Saturday, March 9, 2013

Acrostic weekend (Sunday brunch: March 10, 2013)

Hope you like acrostics, since both the Times and the Wall Street Journal have them this week.  The Times puzzle is behind the paywall, but Deb Amlen's blog post with Hex's comments aren't.  Deb is also blogging from the American Crossword Puzzle Tournament this weekend.

The Wall Street Journal acrostic is by Mike Shenk.  I haven't solved it yet since the Java version was missing.  They use a weird publishing service for the acrostics, so you may find the PDF easier to work with.

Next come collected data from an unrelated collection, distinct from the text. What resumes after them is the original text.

(* Assume that for any $i,j\in[1,n]$ the distance $|v_iv_j|$ can be obtained in $O(1)$ time. For $i\in[1,n]$ define $\lambda_i=\min_{j\in[i,n]}\max_{k\in[i,n]} d_{G(i,j)}(v_i,v_k)$ and let $j(i)$ be an index $j\in[i,n]$ attaining this minimum. Then there is an algorithm that computes $\lambda_i$ and $j(i)$ for all $i\in[1,n]$ in total $O(n)$ time.
   Context: Let $v_1,\dots,v_n$ be points of a metric space with metric $|\cdot|$: $|v_iv_j|=|v_jv_i|\ge 0$, $|v_iv_j|=0$ iff $i=j$, and $|v_iv_k|+|v_kv_j|\ge |v_iv_j|$. $P$ is the path graph with vertices $v_1,\dots,v_n$ and edges $e(v_k,v_{k+1})$, $k\in[1,n-1]$, where $e(v_k,v_{k+1})$ has length $|v_kv_{k+1}|$. For $1\le i\le j\le n$, $G(i,j)=P\cup\{e(v_i,v_j)\}$ is obtained from $P$ by adding an edge $e(v_i,v_j)$ of length $|v_iv_j|$ (if $j\le i+1$ then $G(i,j)=P$). For a graph $G$, $d_G(p,q)$ denotes the length of a shortest path between $p$ and $q$ in $G$. *)

From Stdlib Require Import Reals List Arith.
Import ListNotations.
Open Scope R_scope.

(** Points v_1..v_n of a metric space are represented by their distance
    function d i j = |v_i v_j| on indices in [1,n]. *)
Definition metric_on (d : nat -> nat -> R) (n : nat) : Prop :=
  forall i j k, (1 <= i <= n)%nat -> (1 <= j <= n)%nat -> (1 <= k <= n)%nat ->
    d i j = d j i /\ 0 <= d i j /\ (d i j = 0 <-> i = j) /\
    d i k + d k j >= d i j.

(** Length of the (unique) path between v_a and v_b in the path graph P. *)
Definition pdist (d : nat -> nat -> R) (a b : nat) : R :=
  fold_right Rplus 0
    (map (fun k => d k (S k)) (seq (Nat.min a b) (Nat.max a b - Nat.min a b))).

(** Shortest-path distance d_{G(i,j)}(v_a, v_b) in G(i,j) = P + e(v_i,v_j):
    a shortest path either avoids the extra edge (then it is the path in P)
    or uses it exactly once, in one of the two directions. *)
Definition dG (d : nat -> nat -> R) (i j a b : nat) : R :=
  Rmin (pdist d a b)
    (Rmin (pdist d a i + d i j + pdist d j b)
          (pdist d a j + d i j + pdist d i b)).

Definition ecc (d : nat -> nat -> R) (n i j : nat) : R :=
  fold_right Rmax (dG d i j i i) (map (fun k => dG d i j i k) (seq i (S n - i))).

Definition lambda (d : nat -> nat -> R) (n i : nat) : R :=
  fold_right Rmin (ecc d n i i) (map (fun j => ecc d n i j) (seq i (S n - i))).

(** Every instruction costs one step;
    in particular a distance query |v_a v_b| costs O(1). *)
Inductive instr : Type :=
  | NConst (r : nat) (k : nat)
  | NAdd (r a b : nat)
  | NSub (r a b : nat)                  (* nr[r] := nr[a] - nr[b] (truncated) *)
  | NLoad (r a : nat)
  | NStore (a r : nat)
  | RZero (r : nat)
  | RAdd (r a b : nat)
  | RSub (r a b : nat)
  | RLoad (r a : nat)
  | RStore (a r : nat)
  | Dist (r a b : nat)
  | JLeN (a b l : nat)
  | JLeR (a b l : nat)
  | Jmp (l : nat)
  | Halt.
Lemma sum_sqr_swap_dist_ge t Q :
  (forall x y : 'I_m, (x < y)%N -> Q <= margin x y) ->
  \sum_i w i * (inversions (v i))%:R ^+ 2 + (inversions t)%:R * Q <=
  \sum_i w i * (swap_dist (v i) t)%:R ^+ 2.
Proof.
move=> Q_le; rewrite -lerBrDl -sumrB.
have gainE : \sum_i w i * (2 * (inversions (v i))%:R + 1) *
      ((swap_dist (v i) t)%:R - (inversions (v i))%:R) =
    \sum_(x : 'I_m) \sum_(y : 'I_m | (x < y)%N) (prefers t y x)%:R * margin x y.
  under eq_bigr do rewrite -swap_dist1r swap_dist_gain !mulr_sumr.
  rewrite exchange_big /=; apply: eq_bigr => x _.
  under eq_bigr do rewrite mulr_sumr.
  rewrite exchange_big /=; apply: eq_bigr => y _.
  by rewrite /margin mulr_sumr; apply: eq_bigr => i _; rewrite swap_dist1r; ring.
apply: (le_trans (y := \sum_i w i * (2 * (inversions (v i))%:R + 1) *
      ((swap_dist (v i) t)%:R - (inversions (v i))%:R))).
  rewrite gainE /inversions natr_sum mulr_suml ler_sum // => x _.
  rewrite natr_sum mulr_suml ler_sum // => y lt_xy.
  by rewrite ler_wpM2l ?ler0n ?Q_le.
apply: ler_sum => i _; rewrite -mulrBr -mulrA ler_wpM2l //.
exact: natr_secant_le_sqrB.
Qed.

End SquaredDistanceGain.

Section ReversalMixture.
Variables (F : realType) (m : nat) (I : finType) (v : I -> ranking m) (w : I -> F) (p : F).
Hypotheses (w_ge0 : forall i, 0 <= w i) (p_gt0 : 0 < p).

Definition mixture : {ffun ranking m -> F} :=
  [ffun r => p * (r == reversal m)%:R + \sum_i w i * (r == v i)%:R].

Lemma sum_mixture (f : ranking m -> F) :
  \sum_r mixture r * f r = p * f (reversal m) + \sum_i w i * f (v i).
Proof.
have sum_delta c s : \sum_r c * (r == s)%:R * f r = c * f s.
  by under eq_bigr do rewrite mulrAC; rewrite sum_mul_eq_indicator.
under eq_bigr do rewrite ffunE mulrDl mulr_suml.
by rewrite big_split /= exchange_big /= sum_delta; under eq_bigr do rewrite sum_delta.
Qed.

Lemma mixture_ge0 r : 0 <= mixture r.
Proof.
rewrite ffunE addr_ge0 ?mulr_ge0 ?ler0n ?(ltW p_gt0) //.
by rewrite sumr_ge0 // => i _; rewrite mulr_ge0 ?ler0n.
Qed.

Lemma mixture_profile : p + \sum_i w i = 1 -> is_profile mixture.
Proof.
move=> mass1; have sum1 : \sum_r mixture r = 1.
  have := sum_mixture (fun=> 1).
  under eq_bigr do rewrite mulr1.
  under [X in _ = _ + X]eq_bigr do rewrite mulr1.
  by rewrite mulr1 mass1.
split=> // r; rewrite mixture_ge0 -sum1 (bigD1 r) //= lerDl.
by rewrite sumr_ge0 // => r' _; apply: mixture_ge0.
Qed.

Lemma mixture_reversal : (forall i, v i != reversal m) -> mixture (reversal m) = p.
Proof.
move=> v_neq; rewrite ffunE eqxx mulr1 big1 ?addr0 // => i _.
by rewrite eq_sym (negbTE (v_neq i)) mulr0.
Qed.

Lemma sqkemeny_cost_mixture t : sqkemeny_cost mixture t =
  p * (swap_dist (reversal m) t)%:R ^+ 2 + \sum_i w i * (swap_dist (v i) t)%:R ^+ 2.
Proof.
rewrite /sqkemeny_cost (sum_mixture (fun r => (swap_dist r t ^ 2)%:R)) natrX.
by under eq_bigr do rewrite natrX.
Qed.

Variable Q : F.
Hypotheses (Q_le_margin : forall x y : 'I_m, (x < y)%N -> Q <= margin v w x y)
           (Q_large : 2 * p * ('C(m, 2))%:R < Q + p).

Lemma sqkemeny_cost_mixture_lt t :
  (0 < inversions t)%N -> sqkemeny_cost mixture 1%g < sqkemeny_cost mixture t.
Proof.
move=> inv_gt0; rewrite !sqkemeny_cost_mixture.
under eq_bigr do rewrite swap_dist1r.
have revE s : (swap_dist (reversal m) s)%:R = ('C(m, 2))%:R - (inversions s)%:R :> F.
  by rewrite -(swap_dist_reversal s) natrD addrK.
rewrite !revE inversions1 subr0.
have key := sum_sqr_swap_dist_ge w_ge0 t Q_le_margin.
have u_ge1 : 1 <= (inversions t)%:R :> F by rewrite ler1n.
move: key u_ge1 Q_large; move: ('C(m, 2))%:R (inversions t)%:R => C u key u_ge1 C_lt.
have gap : 0 < u * (p * u - 2 * p * C + Q).
  have pu : p <= p * u by rewrite ler_peMr // ltW.
  by rewrite mulr_gt0 //; [exact: lt_le_trans ltr01 u_ge1 | lra].
nra.
Qed.

Lemma mixture_winner_reversal t :
  sqkemeny_winner mixture t -> utility (reversal m) t = 0%N.
Proof.
move=> t_win; rewrite utility_reversal; apply/eqP; rewrite -leqn0 leqNgt.
by apply/negP => /sqkemeny_cost_mixture_lt; rewrite ltNge t_win.
Qed.

End ReversalMixture.

Section MoveToEnd.
Variable n : nat.
Implicit Types j x y : 'I_n.+1.

Lemma prefers_lift_perm1 j k x y :
  x != j -> y != j -> prefers (lift_perm j k 1) x y = (x < y)%N.
Proof.
case: (unliftP j x) => [x' ->|->]; last by rewrite eqxx.
case: (unliftP j y) => [y' ->|->]; last by rewrite eqxx.
by rewrite /prefers !lift_perm_lift !perm1 /= !ltnNge !leq_bump2.
Qed.

Lemma lift_perm1_neq j k x : x != j -> lift_perm j k 1 x != k.
Proof. by rewrite -{2}(lift_perm_id j k 1) (inj_eq perm_inj). Qed.

Definition to_top j : ranking n.+1 := lift_perm j ord0 1.
Definition to_bottom j : ranking n.+1 := lift_perm j ord_max 1.

Lemma prefers_to_top j x y : (x < y)%N -> prefers (to_top j) y x = (y == j).
Proof.
have [->|neq_yj] := eqVneq y j => lt_xy.
  rewrite /prefers lift_perm_id /= lt0n; apply: lift_perm1_neq.
  by rewrite -(inj_eq val_inj) neq_ltn lt_xy.
have [->|neq_xj] := eqVneq x j; first by rewrite /prefers lift_perm_id ltn0.
by rewrite prefers_lift_perm1 // (leq_gtF (ltnW lt_xy)).
Qed.

Lemma prefers_to_bottom j x y : (x < y)%N -> prefers (to_bottom j) y x = (x == j).
Proof.
have [->|neq_xj] := eqVneq x j => lt_xy.
  rewrite /prefers lift_perm_id /= ltn_neqAle -ltnS ltn_ord andbT.
  apply: lift_perm1_neq; by rewrite -(inj_eq val_inj) neq_ltn lt_xy orbT.
have [->|neq_yj] := eqVneq y j.
  by rewrite /prefers lift_perm_id /= ltnNge -ltnS ltn_ord.
by rewrite prefers_lift_perm1 // (leq_gtF (ltnW lt_xy)).
Qed.

Lemma inversions_to_top j : inversions (to_top j) = j.
Proof.
rewrite /inversions -[RHS](sum_ord_ltn (ltnW (ltn_ord j))); apply: eq_bigr => x _.
by under eq_bigr => y lt_xy do rewrite prefers_to_top //; rewrite sum_eq_indicator.
Qed.

Lemma inversions_to_bottom j : inversions (to_bottom j) = (n - j)%N.
Proof.
rewrite /inversions (exchange_big_dep predT) //= -subSS -(sum_ord_gtn (ltn_ord j)).
apply: eq_bigr => y _.
by under eq_bigr => x lt_xy do rewrite prefers_to_bottom //; rewrite sum_eq_indicator.
Qed.

End MoveToEnd.

Definition sqkemeny_reversal (F : realType) m (p : F) : Prop :=
  exists (P : {ffun ranking m -> F}) (s : ranking m),
    [/\ is_profile P, P s = p & forall t, sqkemeny_winner P t -> utility s t = 0%N].

Section TopBottomProfile.
Variables (F : realType) (n : nat) (g : nat -> F).
Local Notation G k := (g k * (2 * k%:R + 1)).
Local Notation S := (\sum_(j < n.+1) G j).

Definition top_bottom (i : bool * 'I_n.+1) : ranking n.+1 :=
  if i.1 then to_top i.2 else to_bottom i.2.

Definition top_bottom_weight i : F := g (inversions (top_bottom i)).

Lemma inversions_top_bottom i :
  inversions (top_bottom i) = if i.1 then i.2 : nat else (n - i.2)%N.
Proof. by case: i => -[] j; rewrite /top_bottom ?inversions_to_top ?inversions_to_bottom. Qed.

Lemma top_bottom_neq_reversal i : (1 < n)%N -> top_bottom i != reversal n.+1.
Proof.
move=> n_gt1; have inv_le : (inversions (top_bottom i) <= n)%N.
  by rewrite inversions_top_bottom; case: ifP => _; rewrite ?leq_ord ?leq_subr.
have n_lt : (n < 'C(n.+1, 2))%N.
  by rewrite binS bin1 -[X in (X < _)%N]add0n ltn_add2r bin_gt0.
by apply/eqP => tb_rev; move: inv_le; rewrite tb_rev inversions_reversal leqNgt n_lt.
Qed.

Lemma sum_top_bottom_weight : \sum_i top_bottom_weight i = 2 * \sum_(j < n.+1) g j.
Proof.
rewrite sum_bool_pair /top_bottom_weight.
under eq_bigr do rewrite inversions_top_bottom.
under [X in _ + X]eq_bigr do rewrite inversions_top_bottom.
by rewrite /= (sum_ord_rev n g) mulr_natl mulr2n.
Qed.

Lemma margin_top_bottom (x y : 'I_n.+1) : (x < y)%N ->
  margin top_bottom top_bottom_weight x y = (S - 2 * G y) + (S - 2 * G (n - x)%N).
Proof.
move=> lt_xy; rewrite /margin sum_bool_pair /top_bottom_weight; congr (_ + _).
  under eq_bigr => j _ do rewrite inversions_top_bottom /= prefers_to_top // eq_sym.
  rewrite -(sum_mul_eq_indicator (fun j : 'I_n.+1 => G j) y) mulr_sumr -sumrB.
  by apply: eq_bigr => j _; ring.
under eq_bigr => j _ do rewrite inversions_top_bottom /= prefers_to_bottom // eq_sym.
rewrite -(sum_ord_rev n (fun k => G k)).
rewrite -(sum_mul_eq_indicator (fun j : 'I_n.+1 => G (n - j)%N) x) mulr_sumr -sumrB.
by apply: eq_bigr => j _; ring.
Qed.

So since we have those acrostics, let's look at another source: LyrAcrostics by Dr. Awkward.  The good doctor has been constructing since 2004.  Puzzles come out on an irregular schedule, about ten a year, but with that much of a backfile, you could spend a good amount of time solving them.  The feature is that the quotes are song lyrics, so you might find yourself humming along.

Two things about these puzzles prevent me from giving them top marks, even if there were a Java version available.  First, knowing that the quotes are from song lyrics make them easy to get, even if they're from a genre that you're not big on.  The world of books from which most acrostic quotes are taken is much bigger and less predictable.  Too often, it's like the Wheel of Fortune TV game show, where you're trying to see how few letters you need to solve the puzzle.  Second, Dr. Awkward favors one-word clues.  While that makes the puzzle less easy to solve, it takes out room for cleverness.

By contrast, Shenk's puzzle has fewer, longer word answers, with some of them being interesting littl bits of trivia (Hex do that in their acrostics) rather than just vocabulary exercises.  They're a steady solve rather than the alternate racing and head-scratching of the LyrAcrostics.

At least there's one cryptic to solve this weekend thanks to Hex and the National Post.  Savor it to the core.  If you need more cryptics, there's the Trip Payne archive we visited about a couple of weeks ago.

Elsewhere in the catching-up department, Patrick Berry's Kickstarter project: The Crypt, has reached its goal so Patrick is finalizing the puzzles to send out next month.  There's still time for you to contribute, and now you know the project is a go, so stop by and join it.